The Big Game became a Super comeback from a season’s worth of losing weeks for Las Vegas sports books.
"The dog and ”˜under’ typically spells relief," said John Avello, director of operations for Bally’s/Paris Las Vegas. "The outcome (New England 24-21) was where the line should have been. Past Super Bowl history had a lot to do with the bookies raising the line. The smart money knew it."
The official handle will come out later this week, but a consensus of Vegas bookmakers believe it will approach last year’s record $81 million handle for the Patriots- Panthers match-up. The record hold — $12.4 million in last year’s game — could also be in jeopardy.
"It had been three years since Philadelphia had been a dog of four points or more," Avello said. "The line was just too many points. The public had won all year betting New England, which had an incredible record of covering the number. It was our turn."
Avello also said the net win could surpass all previous Super Bowls.
"I certainly believe that’s possible," he said. "Our customers at Bally’s and Paris/Las Vegas were happy. Everyone at our parties was pleased. The bars and lounges were full. It looked like New Year’s Eve here.

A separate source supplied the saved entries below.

Lemma weight_completion s T :
  majority s = conj_set T -> labels_agree T (labelled s) ->
  total_weight (step s None) <= total_weight s.
Proof.
move=> majT agreeT; apply: ler_sum => c _ /=.
have [/andP[fits_maj fits_solved] | nfit] :=
  boolP (fits c (majority s) && all (fits c) (solved s)); last first.
  rewrite big_pred0 ?sumr_ge0 // => [S _ | S]; first by rewrite exprn_ge0 ?half_ge0.
  by rewrite /alive /= (negbTE nfit) andbF.
have /existsP[S0 /andP[S0A /eqP majS0]] := fits_maj.
have evalS0 y : conj_eval (model_conj c S0) y = conj_eval T y.
  by have /setP/(_ y) := etrans (esym majS0) majT; rewrite !inE.
have S0_alive : alive s c S0.
  rewrite /alive S0A fits_solved /=; apply: etrans agreeT.
  by apply: eq_all => p; rewrite evalS0.
rewrite (eq_bigl (fun S => S \in powerset c.1)) => [|S]; last first.
  by rewrite /alive /= fits_maj fits_solved !andbT.
rewrite mulnS sum_powerset_half (bigD1 S0) ?S0_alive //= lerDl.
by rewrite sumr_ge0 // => S _; rewrite exprn_ge0 ?half_ge0.
Qed.

Section Invariant.
Variables (c : model) (m : nat) (adv : oracle n).
Hypothesis adv_valid : valid_oracle adv.

Definition run_inv (hist : history n) (Ts : seq {set 'I_n}) :=
  let s := state_of hist in
  [/\ (size (solved s) + size Ts)%N = m, all (fits c) (solved s),
      forall T, T \in Ts -> representable c T &
      if Ts is T :: _ then labels_agree T (labelled s) else true].

Lemma run_inv_lower hist T Ts :
  run_inv hist (T :: Ts) -> 2^-1 ^+ (#|c.1| * m) <= total_weight (state_of hist).
Proof.
case=> size_m fits_solved repr agreeT.
have [S SA defT] := repr T (mem_head _ _).
apply: le_trans (@weight_ge_alive _ c S _); last first.
  by rewrite /alive SA fits_solved -defT agreeT.
rewrite ler_wiXn2l ?half_ge0 ?half_le1 //.
by rewrite leq_mul2l -size_m addnS ltnS leq_addr orbT.
Qed.

Lemma run_inv_correct hist T Ts :
  run_inv hist (T :: Ts) -> exact (majority_learner hist) T ->
  run_inv (rcons hist None) Ts /\
  total_weight (state_of (rcons hist None)) <= total_weight (state_of hist).
Proof.
case=> size_m fits_solved repr agreeT.
rewrite exact_conj_set /majority_learner => majT.
rewrite /run_inv state_of_rcons; split; last exact: weight_completion majT agreeT.
have [S SA defT] := repr T (mem_head _ _).
split=> /=; first by rewrite -size_m /= addSnnS.
- by rewrite fits_solved andbT; apply/existsP; exists S; rewrite SA majT defT eqxx.
- by move=> T' T'Ts; apply: repr; rewrite in_cons T'Ts orbT.
- by case: Ts {size_m repr}.
Qed.

Lemma run_inv_wrong hist T Ts :
  run_inv hist (T :: Ts) -> ~ exact (majority_learner hist) T ->
  run_inv (rcons hist (Some (adv T hist (majority_learner hist)))) (T :: Ts) /\
  2 * total_weight (state_of (rcons hist (Some (adv T hist (majority_learner hist)))))
    <= total_weight (state_of hist).
Proof.
case=> size_m fits_solved repr agreeT notT.
rewrite /run_inv state_of_rcons; split; last exact: weight_mistake.
split=> //=; rewrite agreeT andbT.
by have := adv_valid hist notT; case: (_ \in _); case: conj_eval.
Qed.

End Invariant.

The Stardust’s oddsmaker Bob Scucci, a guest on a local radio show Monday, said his sports book’s handle was almost identical to last year.
"If you had the Patriots, you were losers," Scucci said. "I’d be surprised if we beat last year’s handle, but we came pretty close. The Pats covered about 13 games. They owed us the last two."
GamingToday contributing writer Jimmy Vaccaro said that the majority of the $50,000-plus wagers were on the Eagles.
"Whoever understands this racket knows there was no sense jumping in and taking the Eagles last Wednesday," said Vaccaro, who took Philadelphia at +7 "The last 3-4 hours the big money showed. Bookies understand it, the wise guys understand it, but the amateurs don’t."
Jay Kornegay, Las Vegas Hilton Sports Book manager, said this Super Bowl betting was textbook big-game betting.
"This was the first Super Bowl in a while that pretty much went as anticipated," Kornegay said. "Early on, about four of every five dollars went on the Pats, then the betting leveled off. Closer to game time, the larger wagers came in on the dog. It was a blueprint of how to follow big game betting."
The parties, though, were kept low-key due to the NFL mandates concerning promotions using the Super Bowl name. Nevertheless, they were well attended across the area.
"I did get a little nervous about the handle," Kornegay said. "But the floodgates opened Sunday. It was a one-night stand we liked."